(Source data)
··········

Lemma normc_ip_posop_le_inf_dist2 B As x N :
  hn (As x) ^+ 2 + hn (B x) ^+ 2 <= N ->
  normc (ip (X (B x)) (As x)) <=
  M / 2 * (N - hn (As x) / (2 * hn (B x)) * inf_dist2 ip B As x).
Proof.
move=> hN; have N_ge0 : 0 <= N by apply: le_trans hN; rewrite addr_ge0 ?sqr_ge0.
have [Bx0|Bx_neq0] := eqVneq (hn (B x)) 0.
  rewrite Bx0 mulr0 invr0 mulr0 mul0r subr0 (hnorm_eq0 hip Bx0) (bounded_op0 hX) (ip0l hip).
  by rewrite normc0 mulr_ge0 ?divr_ge0.
have [Asx0|Asx_neq0] := eqVneq (hn (As x)) 0.
  rewrite Asx0 !mul0r subr0 (hnorm_eq0 hip Asx0) (ip0r hip).
  by rewrite normc0 mulr_ge0 ?divr_ge0.
apply: le_trans (normc_ip_posop_le _ _) _; rewrite mulrAC ler_wpM2l ?divr_ge0 //.
apply: le_trans (mulD_le_sqrD_sub (hnorm_gt0 Asx_neq0) (hnorm_gt0 Bx_neq0)
  (inf_dist2_le hip B Asx_neq0)) _.
by rewrite lerD2r.
Qed.

Lemma cvg_normc_ip_posop_le A B As (x : nat -> H) (N w L : R) :
  is_adjoint ip A As ->
  (forall n, hn (As (x n)) ^+ 2 + hn (B (x n)) ^+ 2 <= N) ->
  (fun n => normc (ip (A (X (B (x n)))) (x n))) @ \oo --> w ->
  (fun n => hn (As (x n)) / (2 * hn (B (x n))) * inf_dist2 ip B As (x n)) @ \oo --> L ->
  w <= M / 2 * (N - L).
Proof.
move=> hAs hN hw hL.
have hR : (fun n => M / 2 * (N - hn (As (x n)) / (2 * hn (B (x n))) * inf_dist2 ip B As (x n)))
    @ \oo --> M / 2 * (N - L).
  exact: cvgMl_tmp (cvgB (cvg_cst N) hL).
apply: (ler_cvg_to hw hR); apply: nearW => n.
by rewrite hAs; apply: normc_ip_posop_le_inf_dist2.
Qed.

End PositiveOperator.

Theorem theorem2p15 (R : realType) (H : lmodType R[i]) (ip : H -> H -> R[i])
    (hip : is_inner_product ip) (hcompl : hcomplete ip)
    (A B X As Bs : H -> H)
    (hA : bounded_op ip A) (hB : bounded_op ip B) (hX : bounded_op ip X)
    (hAs : is_adjoint ip A As) (hBs : is_adjoint ip B Bs)
    (hB0 : exists x : H, B x <> 0) (hXpos : positive_op ip X) :
  (forall (x : nat -> H) (L : R),
      (forall n, hnorm ip (x n) = 1) ->
      (fun n => ComplexField.Normc.normc (ip (A (X (B (x n)))) (x n))) @ \oo -->
        numrad ip (fun y => A (X (B y))) ->
      (fun n => hnorm ip (As (x n)) / (2 * hnorm ip (B (x n)))
                * inf_dist2 ip B As (x n)) @ \oo --> L ->
      numrad ip (fun y => A (X (B y)))
        <= opnorm ip X / 2 * (opnorm ip (fun y => A (As y) + Bs (B y)) - L)
      /\ opnorm ip X / 2 * (opnorm ip (fun y => A (As y) + Bs (B y)) - L)
        <= opnorm ip X / 2 * opnorm ip (fun y => A (As y) + Bs (B y)))
  /\
  (forall (x : nat -> H) (L : R),
      (forall n, hnorm ip (x n) = 1) ->
      (fun n => ComplexField.Normc.normc (ip (A (B (x n))) (x n))) @ \oo -->
        numrad ip (fun y => A (B y)) ->
      (fun n => hnorm ip (As (x n)) / (4 * hnorm ip (B (x n)))
                * inf_dist2 ip B As (x n)) @ \oo --> L ->
      numrad ip (fun y => A (B y))
        <= 1 / 2 * opnorm ip (fun y => A (As y) + Bs (B y)) - L
      /\ 1 / 2 * opnorm ip (fun y => A (As y) + Bs (B y)) - L
        <= 1 / 2 * opnorm ip (fun y => A (As y) + Bs (B y))).
Proof.
set N := opnorm ip (fun y => A (As y) + Bs (B y)).
have hN x : hnorm ip x = 1 -> hnorm ip (As x) ^+ 2 + hnorm ip (B x) ^+ 2 <= N.
  by move=> x1; have := sqr_hnorm_adjD_le hip x hA hB hAs hBs; rewrite x1 expr1n mulr1.
split=> x L x1 hw hL; have L_ge0 := cvg_inf_dist2_ge0 (ler0n _ _) hL.
- have M_ge0 := opnorm_ge0 hX.
  split; last by rewrite ler_wpM2l ?divr_ge0 // gerBl.
  exact: (cvg_normc_ip_posop_le hip hX hXpos M_ge0 (Re_ip_le_opnorm hip hX) hAs
    (fun n => hN _ (x1 n)) hw hL).
split; last by rewrite gerBl.
have hI : bounded_op ip id by split => //; exists 1 => y; rewrite mul1r.
have hM z : Re (ip (id z) z) <= 1 * hnorm ip z ^+ 2 by rewrite mul1r (ipxx hip).
have hL2 : (fun n => hnorm ip (As (x n)) / (2 * hnorm ip (B (x n))) * inf_dist2 ip B As (x n))
    @ \oo --> 2 * L.
  rewrite (_ : (fun n => _) = (fun n => 2 * (hnorm ip (As (x n)) / (4 * hnorm ip (B (x n)))
    * inf_dist2 ip B As (x n)))); first exact: cvgMl_tmp hL.
  apply/funext => n; rewrite !invfM.
  by move: (hnorm ip (As _)) (hnorm ip (B _))^-1 (inf_dist2 _ _ _ _) => a b c; field.
have := cvg_normc_ip_posop_le hip hI (ip_ge0 hip) ler01 hM hAs (fun n => hN _ (x1 n)) hw hL2.
by rewrite (_ : 1 / 2 * (N - 2 * L) = 1 / 2 * N - L) //; field.
Qed.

··········

> **Try it**: Output, from the data above, the lines from the line with "(hAs : is_adjoint" to the line with "(fun n => ComplexField.Normc.normc (ip (A (X" exactly as they stand, both ends included and nothing else.

> **Solution to this problem**:
    (hAs : is_adjoint ip A As) (hBs : is_adjoint ip B Bs)
    (hB0 : exists x : H, B x <> 0) (hXpos : positive_op ip X) :
  (forall (x : nat -> H) (L : R),
      (forall n, hnorm ip (x n) = 1) ->
      (fun n => ComplexField.Normc.normc (ip (A (X (B (x n)))) (x n))) @ \oo -->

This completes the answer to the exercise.